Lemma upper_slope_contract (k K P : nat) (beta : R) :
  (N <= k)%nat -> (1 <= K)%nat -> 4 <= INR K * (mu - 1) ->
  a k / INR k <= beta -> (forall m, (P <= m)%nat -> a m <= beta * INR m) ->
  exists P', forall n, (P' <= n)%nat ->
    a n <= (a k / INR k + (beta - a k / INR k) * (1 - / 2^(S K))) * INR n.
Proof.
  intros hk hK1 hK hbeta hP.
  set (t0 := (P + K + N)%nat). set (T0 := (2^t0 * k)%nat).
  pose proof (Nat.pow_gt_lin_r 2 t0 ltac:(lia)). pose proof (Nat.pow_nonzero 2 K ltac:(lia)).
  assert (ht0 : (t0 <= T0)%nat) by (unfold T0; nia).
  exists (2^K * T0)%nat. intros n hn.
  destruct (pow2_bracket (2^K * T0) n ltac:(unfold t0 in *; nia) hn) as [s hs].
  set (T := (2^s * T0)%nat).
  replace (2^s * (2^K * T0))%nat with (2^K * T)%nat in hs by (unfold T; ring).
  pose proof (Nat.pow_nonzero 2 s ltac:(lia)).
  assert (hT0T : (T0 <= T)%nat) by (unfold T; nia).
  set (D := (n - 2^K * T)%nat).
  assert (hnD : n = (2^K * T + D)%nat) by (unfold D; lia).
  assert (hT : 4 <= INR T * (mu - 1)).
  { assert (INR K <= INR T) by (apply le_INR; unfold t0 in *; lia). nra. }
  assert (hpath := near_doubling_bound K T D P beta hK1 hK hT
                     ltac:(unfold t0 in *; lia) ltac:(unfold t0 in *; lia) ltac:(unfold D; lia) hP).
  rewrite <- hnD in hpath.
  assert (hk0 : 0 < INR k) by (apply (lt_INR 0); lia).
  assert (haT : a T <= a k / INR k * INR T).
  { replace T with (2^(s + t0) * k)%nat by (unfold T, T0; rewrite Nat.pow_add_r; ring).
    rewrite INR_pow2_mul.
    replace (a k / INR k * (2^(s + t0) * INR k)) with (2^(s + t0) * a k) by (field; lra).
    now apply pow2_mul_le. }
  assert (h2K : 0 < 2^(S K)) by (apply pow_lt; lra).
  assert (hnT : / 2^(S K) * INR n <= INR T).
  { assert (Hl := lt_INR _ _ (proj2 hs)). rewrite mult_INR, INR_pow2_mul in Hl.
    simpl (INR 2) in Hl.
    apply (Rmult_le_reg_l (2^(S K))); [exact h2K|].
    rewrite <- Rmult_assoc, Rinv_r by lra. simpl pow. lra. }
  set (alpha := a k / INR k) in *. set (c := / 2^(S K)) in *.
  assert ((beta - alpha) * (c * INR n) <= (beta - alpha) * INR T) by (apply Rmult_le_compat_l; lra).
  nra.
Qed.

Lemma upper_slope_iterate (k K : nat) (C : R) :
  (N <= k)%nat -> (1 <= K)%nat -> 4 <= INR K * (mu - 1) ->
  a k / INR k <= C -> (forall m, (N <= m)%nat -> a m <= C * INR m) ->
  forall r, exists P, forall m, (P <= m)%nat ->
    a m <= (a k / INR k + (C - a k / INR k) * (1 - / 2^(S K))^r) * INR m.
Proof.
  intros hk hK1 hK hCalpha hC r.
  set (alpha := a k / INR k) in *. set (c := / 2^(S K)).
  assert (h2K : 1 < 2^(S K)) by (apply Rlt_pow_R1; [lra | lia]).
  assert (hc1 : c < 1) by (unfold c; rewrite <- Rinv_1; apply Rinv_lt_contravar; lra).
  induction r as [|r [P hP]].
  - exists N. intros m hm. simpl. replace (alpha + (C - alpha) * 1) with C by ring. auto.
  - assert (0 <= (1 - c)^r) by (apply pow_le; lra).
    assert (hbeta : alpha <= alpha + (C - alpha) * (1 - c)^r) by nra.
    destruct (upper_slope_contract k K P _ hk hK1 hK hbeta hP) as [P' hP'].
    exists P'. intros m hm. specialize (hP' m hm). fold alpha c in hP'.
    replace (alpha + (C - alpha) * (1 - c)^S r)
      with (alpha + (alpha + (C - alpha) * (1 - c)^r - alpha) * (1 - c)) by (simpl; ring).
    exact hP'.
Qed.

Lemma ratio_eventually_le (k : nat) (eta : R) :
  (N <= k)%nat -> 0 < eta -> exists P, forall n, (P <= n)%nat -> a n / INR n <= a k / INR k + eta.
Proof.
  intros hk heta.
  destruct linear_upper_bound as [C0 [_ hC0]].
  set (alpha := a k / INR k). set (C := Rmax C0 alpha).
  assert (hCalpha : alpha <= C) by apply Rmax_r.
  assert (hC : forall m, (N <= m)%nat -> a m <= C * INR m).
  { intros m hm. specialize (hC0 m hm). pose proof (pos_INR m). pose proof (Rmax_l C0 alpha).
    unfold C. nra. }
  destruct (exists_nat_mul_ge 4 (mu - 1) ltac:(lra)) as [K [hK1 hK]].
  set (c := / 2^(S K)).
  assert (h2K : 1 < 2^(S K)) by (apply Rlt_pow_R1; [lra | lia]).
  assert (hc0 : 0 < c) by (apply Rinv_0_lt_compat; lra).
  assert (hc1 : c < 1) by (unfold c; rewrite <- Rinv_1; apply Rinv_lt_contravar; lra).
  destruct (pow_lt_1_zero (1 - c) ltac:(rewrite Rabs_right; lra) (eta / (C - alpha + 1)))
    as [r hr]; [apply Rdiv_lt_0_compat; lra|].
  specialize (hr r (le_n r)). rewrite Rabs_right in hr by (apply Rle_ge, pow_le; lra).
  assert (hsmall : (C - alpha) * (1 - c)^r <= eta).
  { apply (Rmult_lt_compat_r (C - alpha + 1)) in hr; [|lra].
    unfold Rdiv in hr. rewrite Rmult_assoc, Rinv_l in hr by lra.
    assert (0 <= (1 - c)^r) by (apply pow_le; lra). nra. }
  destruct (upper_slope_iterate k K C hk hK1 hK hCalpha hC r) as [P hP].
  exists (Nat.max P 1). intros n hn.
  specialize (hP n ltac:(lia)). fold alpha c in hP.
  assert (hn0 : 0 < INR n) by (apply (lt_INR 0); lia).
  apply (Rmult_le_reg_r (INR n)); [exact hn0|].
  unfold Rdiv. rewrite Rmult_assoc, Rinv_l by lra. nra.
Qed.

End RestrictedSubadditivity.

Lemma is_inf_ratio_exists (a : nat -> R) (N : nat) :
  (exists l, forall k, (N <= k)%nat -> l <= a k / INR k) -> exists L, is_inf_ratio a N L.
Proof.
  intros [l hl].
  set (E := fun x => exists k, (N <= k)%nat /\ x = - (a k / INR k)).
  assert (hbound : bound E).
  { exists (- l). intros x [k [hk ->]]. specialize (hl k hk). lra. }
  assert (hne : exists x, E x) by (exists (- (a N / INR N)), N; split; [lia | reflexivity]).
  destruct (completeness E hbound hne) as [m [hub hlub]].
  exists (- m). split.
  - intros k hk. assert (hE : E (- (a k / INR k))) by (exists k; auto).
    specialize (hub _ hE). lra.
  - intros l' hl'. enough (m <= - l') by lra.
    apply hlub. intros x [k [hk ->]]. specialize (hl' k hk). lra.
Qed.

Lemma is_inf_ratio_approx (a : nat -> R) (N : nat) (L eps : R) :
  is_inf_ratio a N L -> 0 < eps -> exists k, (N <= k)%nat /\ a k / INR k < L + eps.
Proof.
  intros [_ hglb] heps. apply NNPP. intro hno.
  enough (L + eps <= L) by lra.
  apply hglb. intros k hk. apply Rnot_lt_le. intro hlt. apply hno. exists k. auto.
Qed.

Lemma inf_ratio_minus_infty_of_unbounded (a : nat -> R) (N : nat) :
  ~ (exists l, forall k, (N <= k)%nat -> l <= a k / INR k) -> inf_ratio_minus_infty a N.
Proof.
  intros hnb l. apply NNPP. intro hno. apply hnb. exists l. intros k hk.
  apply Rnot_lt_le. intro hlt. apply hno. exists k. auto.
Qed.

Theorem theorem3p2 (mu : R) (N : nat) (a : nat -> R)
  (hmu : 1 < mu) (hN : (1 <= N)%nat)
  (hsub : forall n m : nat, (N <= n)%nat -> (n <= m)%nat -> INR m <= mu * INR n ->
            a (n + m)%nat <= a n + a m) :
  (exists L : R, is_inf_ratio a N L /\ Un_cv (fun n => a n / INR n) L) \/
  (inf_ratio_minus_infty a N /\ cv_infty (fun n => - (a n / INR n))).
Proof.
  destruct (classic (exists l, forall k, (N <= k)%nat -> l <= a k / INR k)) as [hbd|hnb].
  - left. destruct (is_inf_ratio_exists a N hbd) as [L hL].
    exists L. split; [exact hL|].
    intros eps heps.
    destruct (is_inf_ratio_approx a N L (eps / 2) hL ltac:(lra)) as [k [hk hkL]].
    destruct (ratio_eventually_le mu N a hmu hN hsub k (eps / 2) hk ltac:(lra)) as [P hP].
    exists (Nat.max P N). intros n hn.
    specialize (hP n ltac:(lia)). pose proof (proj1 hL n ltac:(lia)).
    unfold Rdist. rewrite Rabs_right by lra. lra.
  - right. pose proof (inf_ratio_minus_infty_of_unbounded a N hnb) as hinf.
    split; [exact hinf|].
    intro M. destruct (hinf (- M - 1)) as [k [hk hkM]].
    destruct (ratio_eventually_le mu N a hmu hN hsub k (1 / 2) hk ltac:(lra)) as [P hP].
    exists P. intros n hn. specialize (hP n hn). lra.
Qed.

ASSIGNMENT
Please copy the line that holds "intros [_ hglb]" and each line under it through the last line above, exactly as they stand, adding nothing.

TASK RESPONSE
  intros [_ hglb] heps. apply NNPP. intro hno.
  enough (L + eps <= L) by lra.
  apply hglb. intros k hk. apply Rnot_lt_le. intro hlt. apply hno. exists k. auto.
Qed.

Lemma inf_ratio_minus_infty_of_unbounded (a : nat -> R) (N : nat) :
  ~ (exists l, forall k, (N <= k)%nat -> l <= a k / INR k) -> inf_ratio_minus_infty a N.
Proof.
  intros hnb l. apply NNPP. intro hno. apply hnb. exists l. intros k hk.
  apply Rnot_lt_le. intro hlt. apply hno. exists k. auto.
Qed.

Theorem theorem3p2 (mu : R) (N : nat) (a : nat -> R)
  (hmu : 1 < mu) (hN : (1 <= N)%nat)
  (hsub : forall n m : nat, (N <= n)%nat -> (n <= m)%nat -> INR m <= mu * INR n ->
            a (n + m)%nat <= a n + a m) :
  (exists L : R, is_inf_ratio a N L /\ Un_cv (fun n => a n / INR n) L) \/
  (inf_ratio_minus_infty a N /\ cv_infty (fun n => - (a n / INR n))).
Proof.
  destruct (classic (exists l, forall k, (N <= k)%nat -> l <= a k / INR k)) as [hbd|hnb].
  - left. destruct (is_inf_ratio_exists a N hbd) as [L hL].
    exists L. split; [exact hL|].
    intros eps heps.
    destruct (is_inf_ratio_approx a N L (eps / 2) hL ltac:(lra)) as [k [hk hkL]].
    destruct (ratio_eventually_le mu N a hmu hN hsub k (eps / 2) hk ltac:(lra)) as [P hP].
    exists (Nat.max P N). intros n hn.
    specialize (hP n ltac:(lia)). pose proof (proj1 hL n ltac:(lia)).
    unfold Rdist. rewrite Rabs_right by lra. lra.
  - right. pose proof (inf_ratio_minus_infty_of_unbounded a N hnb) as hinf.
    split; [exact hinf|].
    intro M. destruct (hinf (- M - 1)) as [k [hk hkM]].
    destruct (ratio_eventually_le mu N a hmu hN hsub k (1 / 2) hk ltac:(lra)) as [P hP].
    exists P. intros n hn. specialize (hP n hn). lra.
Qed.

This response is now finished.